— What is needed —
Transcribe the records word for word, beginning with the first line and ending with the line that contains "apply: ge_ereal_sup => _ [_"; include nothing else.
---- Provided records
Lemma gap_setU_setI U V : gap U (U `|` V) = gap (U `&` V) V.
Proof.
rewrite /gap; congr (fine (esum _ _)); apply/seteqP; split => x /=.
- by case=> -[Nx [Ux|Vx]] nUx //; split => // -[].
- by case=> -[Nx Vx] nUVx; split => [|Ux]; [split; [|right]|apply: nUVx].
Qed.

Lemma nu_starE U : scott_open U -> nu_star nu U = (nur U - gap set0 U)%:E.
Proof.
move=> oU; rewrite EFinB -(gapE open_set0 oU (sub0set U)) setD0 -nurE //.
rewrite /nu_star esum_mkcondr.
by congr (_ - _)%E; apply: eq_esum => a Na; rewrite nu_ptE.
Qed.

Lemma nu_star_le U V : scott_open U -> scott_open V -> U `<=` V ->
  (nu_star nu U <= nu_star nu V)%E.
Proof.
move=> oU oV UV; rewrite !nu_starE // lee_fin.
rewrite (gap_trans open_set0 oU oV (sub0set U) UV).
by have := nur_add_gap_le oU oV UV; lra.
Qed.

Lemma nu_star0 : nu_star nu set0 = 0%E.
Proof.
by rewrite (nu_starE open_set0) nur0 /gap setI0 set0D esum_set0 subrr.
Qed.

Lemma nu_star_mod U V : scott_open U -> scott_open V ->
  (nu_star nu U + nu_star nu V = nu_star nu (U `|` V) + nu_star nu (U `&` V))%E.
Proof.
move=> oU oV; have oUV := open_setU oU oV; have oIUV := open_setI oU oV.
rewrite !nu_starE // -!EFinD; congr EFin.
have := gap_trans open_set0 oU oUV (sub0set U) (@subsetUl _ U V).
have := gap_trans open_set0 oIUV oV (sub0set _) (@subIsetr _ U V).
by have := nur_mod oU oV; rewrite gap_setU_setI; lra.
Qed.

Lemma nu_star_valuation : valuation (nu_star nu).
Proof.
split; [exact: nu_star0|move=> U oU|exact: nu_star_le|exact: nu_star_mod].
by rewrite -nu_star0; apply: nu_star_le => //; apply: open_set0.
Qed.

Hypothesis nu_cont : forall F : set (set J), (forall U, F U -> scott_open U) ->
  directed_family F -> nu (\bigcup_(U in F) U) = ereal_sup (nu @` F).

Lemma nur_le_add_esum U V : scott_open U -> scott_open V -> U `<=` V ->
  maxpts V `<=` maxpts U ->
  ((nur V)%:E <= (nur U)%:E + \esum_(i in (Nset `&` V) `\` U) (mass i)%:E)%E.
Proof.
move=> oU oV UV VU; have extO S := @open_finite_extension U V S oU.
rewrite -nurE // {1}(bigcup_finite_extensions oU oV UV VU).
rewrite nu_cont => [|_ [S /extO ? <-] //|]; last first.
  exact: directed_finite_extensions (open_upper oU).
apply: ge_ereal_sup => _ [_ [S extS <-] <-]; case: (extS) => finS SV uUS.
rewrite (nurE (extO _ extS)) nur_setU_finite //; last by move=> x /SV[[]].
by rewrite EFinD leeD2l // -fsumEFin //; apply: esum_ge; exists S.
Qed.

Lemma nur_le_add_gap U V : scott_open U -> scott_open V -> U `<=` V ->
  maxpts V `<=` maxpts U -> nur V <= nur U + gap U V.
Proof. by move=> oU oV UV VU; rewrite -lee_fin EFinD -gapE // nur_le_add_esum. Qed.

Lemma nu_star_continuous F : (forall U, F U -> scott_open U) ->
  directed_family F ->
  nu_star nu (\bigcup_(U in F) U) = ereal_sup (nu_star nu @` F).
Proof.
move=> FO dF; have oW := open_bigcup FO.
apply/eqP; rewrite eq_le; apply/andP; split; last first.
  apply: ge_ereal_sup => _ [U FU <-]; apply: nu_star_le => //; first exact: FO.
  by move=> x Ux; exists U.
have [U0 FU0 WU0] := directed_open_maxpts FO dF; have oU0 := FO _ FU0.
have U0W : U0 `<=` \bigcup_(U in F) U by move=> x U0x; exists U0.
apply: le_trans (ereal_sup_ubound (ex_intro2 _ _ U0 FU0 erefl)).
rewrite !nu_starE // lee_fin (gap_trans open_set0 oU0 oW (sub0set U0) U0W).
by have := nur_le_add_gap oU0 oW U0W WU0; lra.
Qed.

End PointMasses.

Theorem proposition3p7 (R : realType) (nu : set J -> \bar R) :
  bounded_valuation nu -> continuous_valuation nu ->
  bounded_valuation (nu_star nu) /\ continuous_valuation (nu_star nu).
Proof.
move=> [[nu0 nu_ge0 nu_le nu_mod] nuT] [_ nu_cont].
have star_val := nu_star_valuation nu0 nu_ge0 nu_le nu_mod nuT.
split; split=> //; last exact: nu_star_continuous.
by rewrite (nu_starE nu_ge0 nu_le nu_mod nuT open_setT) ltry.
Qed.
--------
— Completed exercise —
Lemma gap_setU_setI U V : gap U (U `|` V) = gap (U `&` V) V.
Proof.
rewrite /gap; congr (fine (esum _ _)); apply/seteqP; split => x /=.
- by case=> -[Nx [Ux|Vx]] nUx //; split => // -[].
- by case=> -[Nx Vx] nUVx; split => [|Ux]; [split; [|right]|apply: nUVx].
Qed.

Lemma nu_starE U : scott_open U -> nu_star nu U = (nur U - gap set0 U)%:E.
Proof.
move=> oU; rewrite EFinB -(gapE open_set0 oU (sub0set U)) setD0 -nurE //.
rewrite /nu_star esum_mkcondr.
by congr (_ - _)%E; apply: eq_esum => a Na; rewrite nu_ptE.
Qed.

Lemma nu_star_le U V : scott_open U -> scott_open V -> U `<=` V ->
  (nu_star nu U <= nu_star nu V)%E.
Proof.
move=> oU oV UV; rewrite !nu_starE // lee_fin.
rewrite (gap_trans open_set0 oU oV (sub0set U) UV).
by have := nur_add_gap_le oU oV UV; lra.
Qed.

Lemma nu_star0 : nu_star nu set0 = 0%E.
Proof.
by rewrite (nu_starE open_set0) nur0 /gap setI0 set0D esum_set0 subrr.
Qed.

Lemma nu_star_mod U V : scott_open U -> scott_open V ->
  (nu_star nu U + nu_star nu V = nu_star nu (U `|` V) + nu_star nu (U `&` V))%E.
Proof.
move=> oU oV; have oUV := open_setU oU oV; have oIUV := open_setI oU oV.
rewrite !nu_starE // -!EFinD; congr EFin.
have := gap_trans open_set0 oU oUV (sub0set U) (@subsetUl _ U V).
have := gap_trans open_set0 oIUV oV (sub0set _) (@subIsetr _ U V).
by have := nur_mod oU oV; rewrite gap_setU_setI; lra.
Qed.

Lemma nu_star_valuation : valuation (nu_star nu).
Proof.
split; [exact: nu_star0|move=> U oU|exact: nu_star_le|exact: nu_star_mod].
by rewrite -nu_star0; apply: nu_star_le => //; apply: open_set0.
Qed.

Hypothesis nu_cont : forall F : set (set J), (forall U, F U -> scott_open U) ->
  directed_family F -> nu (\bigcup_(U in F) U) = ereal_sup (nu @` F).

Lemma nur_le_add_esum U V : scott_open U -> scott_open V -> U `<=` V ->
  maxpts V `<=` maxpts U ->
  ((nur V)%:E <= (nur U)%:E + \esum_(i in (Nset `&` V) `\` U) (mass i)%:E)%E.
Proof.
move=> oU oV UV VU; have extO S := @open_finite_extension U V S oU.
rewrite -nurE // {1}(bigcup_finite_extensions oU oV UV VU).
rewrite nu_cont => [|_ [S /extO ? <-] //|]; last first.
  exact: directed_finite_extensions (open_upper oU).
apply: ge_ereal_sup => _ [_ [S extS <-] <-]; case: (extS) => finS SV uUS.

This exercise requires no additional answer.